(* Define $\tau_{k} = \{T \mid T \subseteq \Omega, |T| = k \in \mathbb{N}\}$ and let $\mathcal{B}_m$ denote any set of binary strings (information resources) of length $m$ or less. Define $q := \mathbb{E}_{T, F}\left[\phi(T,F)\right] = \mathbb{E}_{T,F}[P_\phi(\omega \in T \mid F)] = \Pr(\omega \in T; \mathcal{A})$, the expected decomposable probability of success under the joint distribution on $T \in \tau_{k}$ and $F \in \mathcal{B}_m$ for any fixed algorithm $\mathcal{A}$. Then \[ q \leq \frac{I(T; F) + D(P_T \| \mathcal{U}_T) + 1}{I_{\Omega}}, \] where $I_{\Omega} = -\log k/|\Omega|$, $D(P_T \| \mathcal{U}_T)$ is the Kullback-Leibler divergence between the marginal distribution on $T$ and the uniform distribution on $T$, and $I(T; F)$ is the mutual information. Alternatively, \[ \Pr(\omega \in T; \mathcal{A}) \leq \frac{H(\mathcal{U}_T) - H(T \mid F) + 1}{I_{\Omega}}, \] where $H(\mathcal{U}_T) = \log\binom{|\Omega|}{k}$.
   Context: Algorithmic search framework: finite discrete search space $\Omega$, random target set $T\subseteq\Omega$ with indicator vector $\mathbf{t}$, random information resource $F$, and a fixed search algorithm $\mathcal{A}$ whose sampled element $\omega$ (or $X$) depends on $T$ only through $F$. A probability-of-success metric $\phi$ is decomposable if there exists a probability vector $\mathbf{P}_{\phi,f}$ over $\Omega$, not a function of the target, with $\phi(t,f)=\mathbf{t}^{\top}\mathbf{P}_{\phi,f}=P_\phi(X\in t\mid f)$. *)

From HB Require Import structures.
From mathcomp Require Import all_boot all_order all_algebra.
From mathcomp Require Import reals exp.
Set Implicit Arguments. Unset Strict Implicit. Unset Printing Implicit Defensive.
Import Order.TTheory GRing.Theory Num.Theory.
Local Open Scope ring_scope.

(* binary strings of length at most m (possible values of an information resource) *)
Definition bitstr (m : nat) := {i : 'I_m.+1 & (nat_of_ord i).-tuple bool}.

Section Info.
Variable R : realType.

Definition log2 (x : R) : R := ln x / ln 2.

Definition xlog (a b : R) : R := if a == 0 then 0 else a * log2 (a / b).

Variables (Omega : finType) (m : nat).
(* joint distribution of (T, F) *)
Variable P : {set Omega} -> bitstr m -> R.

Definition margT (t : {set Omega}) : R := \sum_(f : bitstr m) P t f.
Definition margF (f : bitstr m) : R := \sum_(t : {set Omega}) P t f.

Definition mutinfo : R :=
  \sum_(t : {set Omega}) \sum_(f : bitstr m) xlog (P t f) (margT t * margF f).

Definition condentropy : R :=
  - \sum_(t : {set Omega}) \sum_(f : bitstr m) xlog (P t f) (margF f).

Definition kl_uniform (k : nat) : R :=
  \sum_(t : {set Omega} | #|t| == k) xlog (margT t) (1 / ('C(#|Omega|, k))%:R).

Definition H_uniform (k : nat) : R := log2 ('C(#|Omega|, k))%:R.

Definition I_Omega (k : nat) : R := - log2 (k%:R / (#|Omega|)%:R).

(* expected decomposable probability of success:
   q = E_{T,F}[ t^T P_{phi,F} ] = sum_{t,f} P(t,f) sum_{w in t} Pf f w *)
Definition q_success (Pf : bitstr m -> Omega -> R) : R :=
  \sum_(t : {set Omega}) \sum_(f : bitstr m) P t f * \sum_(w in t) Pf f w.
End Info.

From HB Require Import structures.
From mathcomp Require Import all_boot all_order all_algebra.
From mathcomp Require Import reals exp interval_inference convex.
From mathcomp Require Import ring lra.
Set Implicit Arguments. Unset Strict Implicit. Unset Printing Implicit Defensive.
Import Order.TTheory GRing.Theory Num.Theory.
Local Open Scope ring_scope.

(* Write a = |Omega| / k, K = C(|Omega|, k) and pi_f(t) = sum_(w in t) P_phi,f(w).
   For each resource f, the law r_f(t) = (1 + a pi_f(t)) / (2 K) on k-subsets
   satisfies ln r_f(t) >= pi_f(t) ln a - ln 2 - ln K by concavity of ln.
   Averaging over (T, F) and comparing r_f with the conditional law of T given
   F = f by Gibbs' inequality yields
     q ln a <= ln K + ln 2 - H(T | F) ln 2,
   the second bound; the factor 1/2 in r_f is what costs the extra bit.  The
   first bound follows from I(T; F) + D(P_T || U_T) = H(U_T) - H(T | F). *)

Section LnInequalities.
Variable R : realType.

Lemma mul_ln_le_ln1D (a p : R) : 0 < a -> 0 <= p -> p <= 1 -> p * ln a <= ln (1 + a * p).
Proof.
move=> a_gt0 p_ge0 p_le1.
have := @concave_ln R (Itv01 p_ge0 p_le1) (1 + a) 1 ltac:(lra) ltac:(lra).
rewrite !convRE /= ln1 mulr0 addr0 /unstable.onem.
have -> : p * (1 + a) + (1 - p) * 1 = 1 + a * p by ring.
apply: le_trans; rewrite ler_wpM2l // ler_ln ?posrE; lra.
Qed.

Lemma gibbs_term (s p q : R) : 0 <= p -> p <= s -> 0 <= q -> (0 < p -> 0 < q) ->
  p * ln q <= p * ln (p / s) + s * q - p.
Proof.
move=> p_ge0 p_les q_ge0 q_pos.
have s_ge0 := le_trans p_ge0 p_les.
have [->|p_neq0] := eqVneq p 0; first by rewrite !mul0r subr0 add0r mulr_ge0.
have p_gt0 : 0 < p by rewrite lt_def p_neq0.
have s_gt0 : 0 < s by apply: lt_le_trans p_les.
have ratio_gt0 : 0 < s * q / p by rewrite divr_gt0 ?mulr_gt0 ?q_pos.
have ln_ratio_le : ln s + ln q - ln p <= (s * q - p) / p.
  have -> : (s * q - p) / p = s * q / p - 1 by field; rewrite gt_eqF.
  have := @le_ln1Dx R (s * q / p - 1).
  rewrite subrKC ln_div ?lnM ?posrE ?mulr_gt0 ?q_pos //.
  by apply; lra.
move: ln_ratio_le; rewrite ln_div ?posrE // ler_pdivlMr // => ?; nra.
Qed.

Lemma gibbs_inequality (I : finType) (p q : I -> R) :
  (forall i, 0 <= p i) -> (forall i, 0 <= q i) -> (forall i, 0 < p i -> 0 < q i) ->
  \sum_i q i = 1 ->
  \sum_i p i * ln (q i) <= \sum_i p i * ln (p i / \sum_j p j).
Proof.
move=> p_ge0 q_ge0 q_pos q_sum1; set s := \sum_j p j.
have p_les i : p i <= s by rewrite [s](bigD1 i) //= lerDl sumr_ge0.
apply: (@le_trans _ _ (\sum_i (p i * ln (p i / s) + s * q i - p i))).
  by apply: ler_sum => i _; exact: gibbs_term (p_ge0 i) (p_les i) (q_ge0 i) (q_pos i).
by rewrite !big_split /= sumrN -mulr_sumr q_sum1 mulr1 addrK.
Qed.

End LnInequalities.

Lemma card_draws_mem (T : finType) (k : nat) (w : T) :
  #|[set A : {set T} | #|A| == k.+1 & w \in A]| = 'C(#|T|.-1, k).
Proof.
rewrite -(cardsC1 w) -cards_draws.
have notin_subC1 (B : {set T}) : B \subset [set~ w] -> w \notin B.
  by move=> /subsetP sBw; apply/negP => /sBw; rewrite !inE eqxx.
have -> : [set A : {set T} | #|A| == k.+1 & w \in A] =
    (fun B => w |: B) @: [set B : {set T} | B \subset [set~ w] & #|B| == k].
  apply/setP => A; rewrite inE; apply/andP/imsetP => [[/eqP cardA wA] | [B]].
    exists (A :\ w); last by rewrite setD1K.
    have := cardsD1 w A; rewrite wA cardA !inE subsetDr => -[->]; exact/eqP.
  rewrite inE => /andP[/notin_subC1 wB /eqP cardB] ->.
  by rewrite cardsU1 wB cardB setU11.
apply: card_in_imset => B1 B2; rewrite !inE => /andP[/notin_subC1 wB1 _].
by move=> /andP[/notin_subC1 wB2 _] eqB; rewrite -(setU1K wB1) -(setU1K wB2) eqB.
Qed.

Lemma sum_draws_sum_mem (R : nmodType) (T : finType) (k : nat) (F : T -> R) :
  \sum_(A : {set T} | #|A| == k.+1) \sum_(w in A) F w = \sum_w (F w *+ 'C(#|T|.-1, k)).
Proof.
rewrite (exchange_big_dep predT) //=; apply: eq_bigr => w _.
by rewrite sumr_const -(card_draws_mem k w); congr (_ *+ _); apply: eq_card => A; rewrite inE.
Qed.

Section GuessMix.
Variables (R : realType) (Omega : finType) (k : nat) (pi : Omega -> R).
Hypotheses (k_gt0 : (0 < k)%N) (k_le_card : (k <= #|Omega|)%N).
Hypotheses (pi_ge0 : forall w, 0 <= pi w) (pi_sum1 : \sum_w pi w = 1).

Let a : R := #|Omega|%:R / k%:R.
Let K : R := 'C(#|Omega|, k)%:R.

(* Since a * C(|Omega| - 1, k - 1) = K, this is the even mixture of the uniform
   law on k-subsets and of the law proportional to pi(A). *)
Definition guess_mix (A : {set Omega}) : R :=
  if #|A| == k then (1 + a * \sum_(w in A) pi w) / (2 * K) else 0.

Let a_gt0 : 0 < a.
Proof. by rewrite divr_gt0 // ltr0n (leq_trans k_gt0). Qed.

Let K_gt0 : 0 < K.
Proof. by rewrite ltr0n bin_gt0. Qed.

Let sum_mem_ge0 (A : {set Omega}) : 0 <= \sum_(w in A) pi w.
Proof. exact: sumr_ge0. Qed.

Let sum_mem_le1 (A : {set Omega}) : \sum_(w in A) pi w <= 1.
Proof. by rewrite -pi_sum1 [leRHS](bigID (mem A)) /= lerDl sumr_ge0. Qed.

Lemma guess_mix_gt0 (A : {set Omega}) : #|A| = k -> 0 < guess_mix A.
Proof.
move=> cardA; rewrite /guess_mix cardA eqxx divr_gt0 ?mulr_gt0 //.
by rewrite ltr_pwDl // mulr_ge0 // ltW.
Qed.

Lemma guess_mix_ge0 (A : {set Omega}) : 0 <= guess_mix A.
Proof.
have [cardA|] := eqVneq #|A| k; first exact/ltW/guess_mix_gt0.
by rewrite /guess_mix => /negPf ->.
Qed.

Lemma sum_guess_mix : \sum_A guess_mix A = 1.
Proof.
have card_k : \sum_(A : {set Omega} | #|A| == k) (1 : R) = K.
  by rewrite sumr_const /K -card_draws; congr (_ *+ _); apply: eq_card => A; rewrite inE.
have sum_pi : \sum_(A : {set Omega} | #|A| == k) \sum_(w in A) pi w
    = 'C(#|Omega|.-1, k.-1)%:R.
  by rewrite -(prednK k_gt0) sum_draws_sum_mem sumrMnl pi_sum1.
have aC : a * 'C(#|Omega|.-1, k.-1)%:R = K.
  rewrite /a mulrAC -natrM mul_bin_diag prednK // natrM mulrAC divff ?mul1r //.
  by rewrite pnatr_eq0 -lt0n.
rewrite /guess_mix -big_mkcond /= -mulr_suml big_split /= card_k -mulr_sumr sum_pi aC.
by rewrite -mulr2n mulr_natl divff // mulrn_eq0 /= gt_eqF.
Qed.

Lemma ln_guess_mix_ge (A : {set Omega}) : #|A| = k ->
  (\sum_(w in A) pi w) * ln a - ln 2 - ln K <= ln (guess_mix A).
Proof.
move=> cardA; rewrite /guess_mix cardA eqxx.
have mix_gt0 : 0 < 1 + a * \sum_(w in A) pi w by rewrite ltr_pwDl // mulr_ge0 // ltW.
rewrite [ln (_ / (2 * K))]ln_div ?[ln (2 * K)]lnM ?posrE ?mulr_gt0 //.
by have := mul_ln_le_ln1D a_gt0 (sum_mem_ge0 A) (sum_mem_le1 A); lra.
Qed.

End GuessMix.

Lemma xlogE (R : realType) (a b : R) : xlog a b = a * log2 (a / b).
Proof. by rewrite /xlog; case: eqP => [->|]; rewrite ?mul0r. Qed.

Section Entropy.
Variables (R : realType) (Omega : finType) (m : nat).
Variables (P : {set Omega} -> bitstr m -> R) (k : nat).
Hypothesis P_ge0 : forall t f, 0 <= P t f.
Hypothesis P_sum1 : \sum_(t : {set Omega}) \sum_(f : bitstr m) P t f = 1.
Hypothesis P_supp : forall t f, P t f != 0 -> #|t| = k.

Lemma margT_ge0 (t : {set Omega}) : 0 <= margT P t.
Proof. exact: sumr_ge0. Qed.

Lemma le_margT (t : {set Omega}) (f : bitstr m) : P t f <= margT P t.
Proof. by rewrite /margT (bigD1 f) //= lerDl sumr_ge0. Qed.

Lemma le_margF (t : {set Omega}) (f : bitstr m) : P t f <= margF P f.
Proof. by rewrite /margF (bigD1 t) //= lerDl sumr_ge0. Qed.

Lemma margT_eq0 (t : {set Omega}) : #|t| != k -> margT P t = 0.
Proof.
move=> cardt; apply: big1 => f _; apply/eqP; apply: contraR cardt => /P_supp ->.
by rewrite eqxx.
Qed.

Lemma mutinfoE :
  mutinfo P = - condentropy P - \sum_t margT P t * log2 (margT P t).
Proof.
rewrite /condentropy opprK /mutinfo -sumrB; apply: eq_bigr => t _.
rewrite [in RHS]/margT mulr_suml -sumrB; apply: eq_bigr => f _; rewrite !xlogE.
have [->|Ptf_neq0] := eqVneq (P t f) 0; first by rewrite !mul0r subrr.
have Ptf_gt0 : 0 < P t f by rewrite lt_def Ptf_neq0 P_ge0.
have T_gt0 := lt_le_trans Ptf_gt0 (le_margT t f).
have F_gt0 := lt_le_trans Ptf_gt0 (le_margF t f).
rewrite -mulrBr /log2 -mulrBl.
by rewrite !ln_div ?lnM ?posrE ?mulr_gt0 //; congr (_ * (_ / _)); ring.
Qed.

Lemma kl_uniformE :
  kl_uniform P k = \sum_t margT P t * log2 (margT P t) + H_uniform R Omega k.
Proof.
rewrite /kl_uniform /H_uniform big_mkcond /=.
under eq_bigr => t _.
  have -> : (if #|t| == k then xlog (margT P t) (1 / 'C(#|Omega|, k)%:R) else 0)
      = margT P t * log2 (margT P t) + margT P t * log2 'C(#|Omega|, k)%:R.
    have [cardt|/margT_eq0 ->] := eqVneq #|t| k; last by rewrite !mul0r addr0.
    rewrite xlogE; have [->|T_neq0] := eqVneq (margT P t) 0; first by rewrite !mul0r addr0.
    have T_gt0 : 0 < margT P t by rewrite lt_def T_neq0 margT_ge0.
    have C_gt0 : (0 : R) < 'C(#|Omega|, k)%:R by rewrite ltr0n bin_gt0 -cardt max_card.
    by rewrite -mulrDr /log2 -mulrDl -lnM ?posrE // div1r invrK.
  over.
by rewrite big_split /= -mulr_suml [\sum_t margT P t]P_sum1 mul1r.
Qed.

Lemma mutinfo_add_kl_uniform :
  mutinfo P + kl_uniform P k = H_uniform R Omega k - condentropy P.
Proof. rewrite mutinfoE kl_uniformE; ring. Qed.

Lemma condentropyE :
  condentropy P = - (\sum_t \sum_f P t f * ln (P t f / margF P f)) / ln 2.
Proof.
rewrite /condentropy mulNr mulr_suml; congr (- _); apply: eq_bigr => t _.
by rewrite mulr_suml; apply: eq_bigr => f _; rewrite xlogE /log2 mulrA.
Qed.

End Entropy.

Lemma I_OmegaE (R : realType) (Omega : finType) (k : nat) :
  (0 < k)%N -> (0 < #|Omega|)%N ->
  I_Omega R Omega k = ln (#|Omega|%:R / k%:R) / ln 2.
Proof.
move=> k_gt0 N_gt0; rewrite /I_Omega /log2 -mulNr -lnV ?invf_div // posrE.
by rewrite divr_gt0 ?ltr0n.
Qed.

Section SuccessBound.
Variables (R : realType) (Omega : finType) (m : nat).
Variables (P : {set Omega} -> bitstr m -> R) (Pf : bitstr m -> Omega -> R) (k : nat).
Hypotheses (k_gt0 : (0 < k)%N) (k_le_card : (k <= #|Omega|)%N).
Hypothesis P_ge0 : forall t f, 0 <= P t f.
Hypothesis P_sum1 : \sum_(t : {set Omega}) \sum_(f : bitstr m) P t f = 1.
Hypothesis P_supp : forall t f, P t f != 0 -> #|t| = k.
Hypotheses (Pf_ge0 : forall f w, 0 <= Pf f w) (Pf_sum1 : forall f, \sum_w Pf f w = 1).

Let success_affine (c d : R) :
  \sum_t \sum_f P t f * ((\sum_(w in t) Pf f w) * c - d) = q_success P Pf * c - d.
Proof.
rewrite /q_success mulr_suml -[d in RHS]mul1r -P_sum1 mulr_suml -sumrB.
apply: eq_bigr => t _; rewrite !mulr_suml -sumrB; apply: eq_bigr => f _; ring.
Qed.

Lemma q_success_ln_le :
  q_success P Pf * ln (#|Omega|%:R / k%:R) <=
  ln 'C(#|Omega|, k)%:R + ln 2 + \sum_t \sum_f P t f * ln (P t f / margF P f).
Proof.
set a := #|Omega|%:R / k%:R; set K : R := 'C(#|Omega|, k)%:R.
pose guess f := guess_mix k (Pf f).
have lower : q_success P Pf * ln a - (ln 2 + ln K) <=
    \sum_t \sum_f P t f * ln (guess f t).
  rewrite -success_affine; apply: ler_sum => t _; apply: ler_sum => f _.
  have [->|/P_supp cardt] := eqVneq (P t f) 0; first by rewrite !mul0r.
  by rewrite ler_wpM2l // opprD addrA ln_guess_mix_ge.
have upper : \sum_t \sum_f P t f * ln (guess f t) <=
    \sum_t \sum_f P t f * ln (P t f / margF P f).
  rewrite exchange_big [leRHS]exchange_big; apply: ler_sum => f _.
  apply: gibbs_inequality => [t | t | t Ptf_gt0 |]; rewrite ?P_ge0 ?guess_mix_ge0 //.
    by apply: guess_mix_gt0 => //; exact: P_supp (lt0r_neq0 Ptf_gt0).
  exact: sum_guess_mix.
have := le_trans lower upper; lra.
Qed.

End SuccessBound.

Theorem theorem5 (R : realType) (Omega : finType) (k m : nat)
  (Bm : {set bitstr m})
  (P : {set Omega} -> bitstr m -> R)
  (Pf : bitstr m -> Omega -> R) :
  (0 < k)%N -> (k < #|Omega|)%N ->
  (* P is a joint distribution on tau_k x B_m *)
  (forall t f, 0 <= P t f) ->
  \sum_(t : {set Omega}) \sum_(f : bitstr m) P t f = 1 ->
  (forall t f, P t f != 0 -> #|t| = k /\ f \in Bm) ->
  (* the algorithm: for each resource f, a probability vector P_{phi,f} on Omega *)
  (forall f w, 0 <= Pf f w) ->
  (forall f, \sum_(w : Omega) Pf f w = 1) ->
  q_success P Pf
    <= (mutinfo P + kl_uniform P k + 1) / I_Omega R Omega k
  /\ q_success P Pf
    <= (H_uniform R Omega k - condentropy P + 1) / I_Omega R Omega k.
Proof.
move=> k_gt0 k_lt_card P_ge0 P_sum1 P_supp Pf_ge0 Pf_sum1.
have P_card t f : P t f != 0 -> #|t| = k by move=> /P_supp[].
rewrite mutinfo_add_kl_uniform //.
suff bound : q_success P Pf <=
    (H_uniform R Omega k - condentropy P + 1) / I_Omega R Omega k by split.
have a_gt1 : (1 : R) < #|Omega|%:R / k%:R by rewrite ltr_pdivlMr ?ltr0n // mul1r ltr_nat.
have ln_a_gt0 := ln_gt0 a_gt1.
have ln2_gt0 : (0 : R) < ln 2 by rewrite ln_gt0 // ltr1n.
rewrite condentropyE I_OmegaE ?(leq_trans k_gt0 (ltnW k_lt_card)) // /H_uniform /log2.
set G := \sum_t _; set lnK := ln _; set lna := ln (_ / _).
have -> : (lnK / ln 2 - - G / ln 2 + 1) / (lna / ln 2) = (lnK + ln 2 + G) / lna.
  by field; rewrite !gt_eqF.
by rewrite ler_pdivlMr // q_success_ln_le // ltnW.
Qed.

#### ABOUT THIS EXERCISE:
Lines in the listing above that contain the word "divff" must be copied; leave out the rest.

#### PROBLEM SOLUTION:
  rewrite /a mulrAC -natrM mul_bin_diag prednK // natrM mulrAC divff ?mul1r //.
by rewrite -mulr2n mulr_natl divff // mulrn_eq0 /= gt_eqF.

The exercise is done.